I would like to travel there.
Packing my bags,
I believe it comes to awareness and beingness in the present (“be here now“).
If you’re truly present, then you can bring your full life force into the moment of bliss—where male-female energies caress, intermingle, play and unite, where polarities and barriers fall in the moment of completion, where time is exhausted, and the world ceases to exist as a coherent entity within consciousness.
There, that is the space where boundaries no longer exist, and all there is, is one moment, one essence, one sex, one life.
I believe we come to this point, and then fall back into habitual patterns again (thoughts about the past and the future, idiosyncrasies, fear, loss, betrayal…stories stories stories and more stories).
It is here that the purity of form and essence is lost in our inner talk (“jabber“). Our internal dialogue clouds our vision and prevents us from being truly present.
Then we perpetually seek to get back that no-thing-ness (completion) that occurred when we ceased to exist (in the orgasm). This is the assemblage point we always have to come back to—to find ourselves again.
Relationships have become a place to express our deepest neuroses and that’s where we fall down.
Our suffering stops when we become conscious of choosing the experience of a relationship to relate to another as a mirror of our being. Instead of being a victim to the experience, we actively co-create it.
The moment we bring awareness into relating, barriers of the ego self start to fall. We start to see the other as an extension of our self. We start to see ourselves in another. We start to feel our whole experience as one expression of who we are. There’s no separation. (No us and them, no you and me!)
Your questions are valid.
What if we didn’t need to keep finding this point, and then losing it all over again? What happens if we could let go of the passion after it occurred without a story of attachment?
How do we get to such an emotional high, reach such a crux of energies, climb high and jump off the tallest structure we know, lose ourselves in ecstatic forgetting, and then come back to the present, and not yearn to reach that climax (again and again…)?
This is our challenge as society. To elevate ourselves and each other, so we are shining examples of people living an expanded “orgasmic” life.
If we get “lost” inside sex and the almighty orgasm, and if that’s the greatest place most experience connectivity, what keeps us from being addicted? Is that part of your question?

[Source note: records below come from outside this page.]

(* Let $\mathcal{F}$, $B_1,\dots,B_m$ be as in the context. Let $\mathcal{G}\subseteq\mathcal{F}$ and let $\phi:\mathcal{G}\to 2^{[n]}$ satisfy $\phi(G)\subseteq G$ for all $G\in\mathcal{G}$. Suppose $\mathcal{G}=\mathcal{G}_1\sqcup\mathcal{G}_2$ where every $F_k\in\mathcal{G}_1$ satisfies $|B_k|=d$ and $\phi(F_k)=B_k$. If the restriction $\phi|_{\mathcal{G}_2}$ is injective, then $\phi$ is injective.
   Context: Let $\mathcal{F}=\{F_1,\dots,F_m\}\subseteq\binom{[n]}{d+1}$ consist of distinct sets and have VC-dimension at most $d$ (no $(d+1)$-set $S$ is shattered, i.e. no $S$ such that every $A\subseteq S$ equals $F\cap S$ for some $F\in\mathcal{F}$). For $i\in[m]$, call $B\subsetneq F_i$ admissible for $F_i$ if $F\cap F_i\neq B$ for every $F\in\mathcal{F}$ (admissible sets exist by the VC-dimension assumption). For each $i$, $B_i$ is a fixed admissible set for $F_i$ of maximum cardinality among all admissible sets for $F_i$. *)

From mathcomp Require Import all_boot.
Set Implicit Arguments. Unset Strict Implicit. Unset Printing Implicit Defensive.

(* Ground set [n] is modelled by 'I_n; a family F = {F_1,...,F_m} is an
   indexed family Fs : 'I_m -> {set 'I_n}. *)

Definition shattered (n m : nat) (Fs : 'I_m -> {set 'I_n}) (S : {set 'I_n}) :=
  forall A : {set 'I_n}, A \subset S -> exists i : 'I_m, Fs i :&: S = A.

Definition VCdim_le (n m : nat) (Fs : 'I_m -> {set 'I_n}) (d : nat) :=
  forall S : {set 'I_n}, #|S| = d.+1 -> ~ shattered Fs S.

Definition admissible (n m : nat) (Fs : 'I_m -> {set 'I_n}) (i : 'I_m)
  (B : {set 'I_n}) :=
  B \proper Fs i /\ forall j : 'I_m, Fs j :&: Fs i <> B.

From mathcomp Require Import all_boot.
Set Implicit Arguments. Unset Strict Implicit.

(* An admissible set B of size d for F_k cannot lie in any other member F_l:
   admissibility makes the inclusion B \subset F_l :&: F_k strict, so the
   intersection already has the d+1 elements of F_k, forcing F_k = F_l.  The
   sets phi(F_k) = B_k for F_k in G1 are therefore "private", and injectivity
   on G2 extends to all of G. *)

Lemma injective_in_setU (T : finType) (rT : Type) (f : T -> rT) (A C : {set T}) :
    (forall x y, x \in A -> y \in A :|: C -> f x = f y -> x = y) ->
    {in C &, injective f} -> {in A :|: C &, injective f}.
Proof.
move=> injA injC x y xAC yAC fxy.
have [xA | xNA] := boolP (x \in A); first exact: injA.
have [yA | yNA] := boolP (y \in A); first by apply/esym/injA.
move: xAC yAC; rewrite !inE (negbTE xNA) (negbTE yNA) /= => xC yC.
exact: injC.
Qed.

Section CoatomAdmissible.

Variables (n m : nat) (Fs : 'I_m -> {set 'I_n}).

Lemma admissible_proper_setI k l B :
  admissible Fs k B -> B \subset Fs l -> B \proper Fs l :&: Fs k.
Proof.
move=> [BFk notI] BFl.
rewrite properEneq subsetI BFl (proper_sub BFk) !andbT.
by apply/eqP => BI; apply: (notI l); rewrite BI.
Qed.

Lemma admissible_coatom_subset k l B :
  admissible Fs k B -> #|Fs k| = #|B|.+1 -> B \subset Fs l -> Fs k \subset Fs l.
Proof.
move=> admB cardFk BFl.
have lt_BI := proper_card (admissible_proper_setI admB BFl).
have -> : Fs k = Fs l :&: Fs k.
  by apply/esym/eqP; rewrite eqEcard subsetIr cardFk lt_BI.
exact: subsetIl.
Qed.

Lemma admissible_coatom_subset_eq k l B :
  injective Fs -> #|Fs l| <= #|Fs k| ->
  admissible Fs k B -> #|Fs k| = #|B|.+1 -> B \subset Fs l -> k = l.
Proof.
move=> Fs_inj cardFl admB cardFk BFl.
apply: Fs_inj; apply/eqP.
by rewrite eqEcard (admissible_coatom_subset admB cardFk BFl).
Qed.

End CoatomAdmissible.

Theorem claim3p1 (n d m : nat) (Fs : 'I_m -> {set 'I_n})
  (Fs_inj : injective Fs)
  (Fs_card : forall i, #|Fs i| = d.+1)
  (Fs_VC : VCdim_le Fs d)
  (B : 'I_m -> {set 'I_n})
  (B_adm : forall i, admissible Fs i (B i))
  (B_max : forall i (C : {set 'I_n}), admissible Fs i C -> #|C| <= #|B i|)
  (G G1 G2 : {set 'I_m}) (phi : 'I_m -> {set 'I_n})
  (phi_sub : forall k, k \in G -> phi k \subset Fs k)
  (G_split : G = G1 :|: G2) (G_disj : [disjoint G1 & G2])
  (G1_prop : forall k, k \in G1 -> #|B k| = d /\ phi k = B k)
  (phi_inj2 : {in G2 &, injective phi}) :
  {in G &, injective phi}.
Proof.
rewrite G_split; apply: injective_in_setU phi_inj2 => k l kG1 lG phi_kl.
have [cardBk phiBk] := G1_prop k kG1.
apply: (admissible_coatom_subset_eq Fs_inj _ (B_adm k)).
- by rewrite !Fs_card.
- by rewrite Fs_card cardBk.
- by rewrite -phiBk phi_kl phi_sub // G_split.
Qed.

Like any addict, we’ll negotiate our way into stories (in this case, the story of love and partnership) to experience the only place where such reverence and importance is placed on us, where our needs are fed and we feel, at least temporarily loved.
The story of love is a trap.
A desperate attempt to fulfill something that is not whole within. Love itself is a blessing and a miracle through which scars are healed and life is created and sustained—but, we have to do the work within ourselves.
It doesn’t need to be marriage or relationships but all of our partnerships are spiritual, necessary and relevant.
The people who are closest in our sphere are teaching us, pushing us, and helping us evolve.
It’s easier for us to feel connectivity during sex and absolute freedom from entrapment of thought. It’s a reward. Maybe sex makes us work harder to learn. Maybe if it wasn’t for desire to touch or desire to connect, we could complacently check out of life.
Do you know the song, Bring Me A Higher Love?
I used to hear this song in my mind perpetually. It may even have started playing toward the end of my marriage. I wanted to experience the higher, deeper and more profound spaces. I craved more connectivity sexually, spiritually, emotionally and intellectually.
What was really happening was that I was getting ready for a sequence of experiences that were necessary for growth and a return to my higher love. I was the higher love.
That’s why sex doesn’t need to be a story or an attachment.
You already are the higher love and wherever that goes and grows is simply delicious.
We can talk about sexual freedom when we release the entrapment of our own storytelling, our own attachments, and our own addictions or at the very least to be aware that we house all three, and that’s okay. That’s part of the conditioning—but that which “you really are” supersedes the “story” and the addictions and the attachments should you be ready to see it and free it.
There exists your sexual high and your sustained orgasm.
To your evolved gratification,
…grateful to the play, and to you, David, My crush on elephant journal.
Love is far more than a story. Imagine the story is your creation, from the grand illusion of separation. If you search further, you’ll realize that—
All truth is love, and all love is truth.
As everything is change and in flux, that “truth” is changing all the time.
So the only thing that can change is our awareness of it. And that’s always in flux too!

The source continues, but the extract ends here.